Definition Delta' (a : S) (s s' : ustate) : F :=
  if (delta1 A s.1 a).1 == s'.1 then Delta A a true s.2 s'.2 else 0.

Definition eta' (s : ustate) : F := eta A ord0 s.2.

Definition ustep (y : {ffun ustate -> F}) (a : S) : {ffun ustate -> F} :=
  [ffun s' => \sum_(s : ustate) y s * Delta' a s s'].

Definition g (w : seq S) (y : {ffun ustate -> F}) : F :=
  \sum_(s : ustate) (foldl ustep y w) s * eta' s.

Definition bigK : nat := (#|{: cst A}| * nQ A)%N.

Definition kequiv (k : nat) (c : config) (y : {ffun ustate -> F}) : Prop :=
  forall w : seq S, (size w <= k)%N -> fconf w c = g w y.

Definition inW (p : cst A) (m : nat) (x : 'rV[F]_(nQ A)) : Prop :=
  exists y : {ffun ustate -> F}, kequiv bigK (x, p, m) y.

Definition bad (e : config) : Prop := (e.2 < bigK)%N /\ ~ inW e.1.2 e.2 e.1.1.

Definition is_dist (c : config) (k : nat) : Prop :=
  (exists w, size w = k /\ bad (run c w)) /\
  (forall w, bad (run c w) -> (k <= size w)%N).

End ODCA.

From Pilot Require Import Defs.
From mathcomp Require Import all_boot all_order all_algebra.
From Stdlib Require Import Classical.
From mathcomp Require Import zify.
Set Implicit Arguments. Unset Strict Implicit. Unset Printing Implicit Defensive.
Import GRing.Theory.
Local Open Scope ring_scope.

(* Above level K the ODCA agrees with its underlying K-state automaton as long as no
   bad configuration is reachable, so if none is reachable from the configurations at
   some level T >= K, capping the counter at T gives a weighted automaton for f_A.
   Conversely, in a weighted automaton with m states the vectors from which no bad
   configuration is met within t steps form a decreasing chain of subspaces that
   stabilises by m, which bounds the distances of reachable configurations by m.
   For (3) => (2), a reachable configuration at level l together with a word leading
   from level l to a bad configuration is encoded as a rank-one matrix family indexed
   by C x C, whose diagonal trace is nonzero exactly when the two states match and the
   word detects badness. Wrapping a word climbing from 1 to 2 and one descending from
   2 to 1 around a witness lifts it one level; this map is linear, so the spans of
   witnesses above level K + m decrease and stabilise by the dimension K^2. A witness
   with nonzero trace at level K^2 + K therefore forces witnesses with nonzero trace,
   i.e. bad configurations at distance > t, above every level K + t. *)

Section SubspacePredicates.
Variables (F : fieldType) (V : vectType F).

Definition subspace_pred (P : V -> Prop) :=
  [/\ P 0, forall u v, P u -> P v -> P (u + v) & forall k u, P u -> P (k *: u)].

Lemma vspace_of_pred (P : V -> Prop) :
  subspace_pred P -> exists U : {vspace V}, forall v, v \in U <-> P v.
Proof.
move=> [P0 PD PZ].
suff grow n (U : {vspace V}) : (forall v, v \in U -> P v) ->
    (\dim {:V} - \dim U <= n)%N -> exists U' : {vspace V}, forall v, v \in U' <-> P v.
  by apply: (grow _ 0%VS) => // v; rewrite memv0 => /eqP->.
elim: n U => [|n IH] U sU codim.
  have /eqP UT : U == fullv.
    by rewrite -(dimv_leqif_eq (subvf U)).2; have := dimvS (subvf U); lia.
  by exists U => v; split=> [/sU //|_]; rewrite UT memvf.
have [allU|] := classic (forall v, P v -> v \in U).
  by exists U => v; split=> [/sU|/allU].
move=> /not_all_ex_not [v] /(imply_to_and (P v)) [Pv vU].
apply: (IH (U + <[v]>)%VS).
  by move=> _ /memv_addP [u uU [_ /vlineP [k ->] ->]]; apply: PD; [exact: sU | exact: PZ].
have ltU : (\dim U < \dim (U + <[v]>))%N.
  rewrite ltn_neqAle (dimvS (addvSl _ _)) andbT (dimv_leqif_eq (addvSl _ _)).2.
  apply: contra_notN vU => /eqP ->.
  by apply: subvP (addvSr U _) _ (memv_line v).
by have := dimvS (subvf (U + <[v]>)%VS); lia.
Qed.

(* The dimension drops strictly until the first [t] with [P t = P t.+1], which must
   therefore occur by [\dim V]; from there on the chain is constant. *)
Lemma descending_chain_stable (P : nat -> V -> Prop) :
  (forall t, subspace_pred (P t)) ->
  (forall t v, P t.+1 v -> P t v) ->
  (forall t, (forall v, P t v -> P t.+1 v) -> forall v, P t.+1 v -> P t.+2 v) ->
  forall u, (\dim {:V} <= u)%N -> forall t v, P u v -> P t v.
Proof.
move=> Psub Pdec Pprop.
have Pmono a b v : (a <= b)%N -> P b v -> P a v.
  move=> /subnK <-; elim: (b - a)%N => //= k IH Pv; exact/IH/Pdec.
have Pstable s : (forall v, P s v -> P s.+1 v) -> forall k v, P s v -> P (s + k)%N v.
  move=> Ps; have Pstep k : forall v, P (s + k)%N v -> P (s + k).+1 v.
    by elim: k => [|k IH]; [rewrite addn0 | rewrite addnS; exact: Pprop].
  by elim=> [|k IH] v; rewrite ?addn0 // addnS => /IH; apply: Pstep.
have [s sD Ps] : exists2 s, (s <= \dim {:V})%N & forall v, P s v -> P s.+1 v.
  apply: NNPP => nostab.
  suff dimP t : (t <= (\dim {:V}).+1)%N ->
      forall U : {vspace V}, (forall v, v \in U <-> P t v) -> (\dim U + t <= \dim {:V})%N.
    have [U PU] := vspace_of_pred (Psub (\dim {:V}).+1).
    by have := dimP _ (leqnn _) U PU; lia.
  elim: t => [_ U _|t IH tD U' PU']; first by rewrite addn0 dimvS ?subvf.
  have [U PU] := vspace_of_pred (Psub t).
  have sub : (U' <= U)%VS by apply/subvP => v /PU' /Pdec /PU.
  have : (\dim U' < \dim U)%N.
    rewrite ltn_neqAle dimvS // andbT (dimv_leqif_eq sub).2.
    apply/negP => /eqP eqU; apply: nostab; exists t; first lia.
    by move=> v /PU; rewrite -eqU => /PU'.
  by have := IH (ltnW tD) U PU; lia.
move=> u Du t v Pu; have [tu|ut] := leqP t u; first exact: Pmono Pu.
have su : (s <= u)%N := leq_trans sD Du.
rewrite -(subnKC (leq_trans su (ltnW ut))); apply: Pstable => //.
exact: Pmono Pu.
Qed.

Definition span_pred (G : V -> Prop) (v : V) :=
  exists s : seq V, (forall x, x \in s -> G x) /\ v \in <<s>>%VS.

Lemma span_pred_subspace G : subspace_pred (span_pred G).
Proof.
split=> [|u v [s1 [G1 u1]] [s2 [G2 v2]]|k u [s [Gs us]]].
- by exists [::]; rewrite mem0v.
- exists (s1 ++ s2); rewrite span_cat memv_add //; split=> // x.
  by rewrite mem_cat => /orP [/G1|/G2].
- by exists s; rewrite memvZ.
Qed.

======

=== ACTION ITEM ===
Copy exactly, please, the span of lines that begins at the line with "- by exists [::]; rewrite mem0v." and ends at the last line of the data, both included.

=== ANSWER AREA ===
- by exists [::]; rewrite mem0v.
- exists (s1 ++ s2); rewrite span_cat memv_add //; split=> // x.
  by rewrite mem_cat => /orP [/G1|/G2].
- by exists s; rewrite memvZ.
Qed.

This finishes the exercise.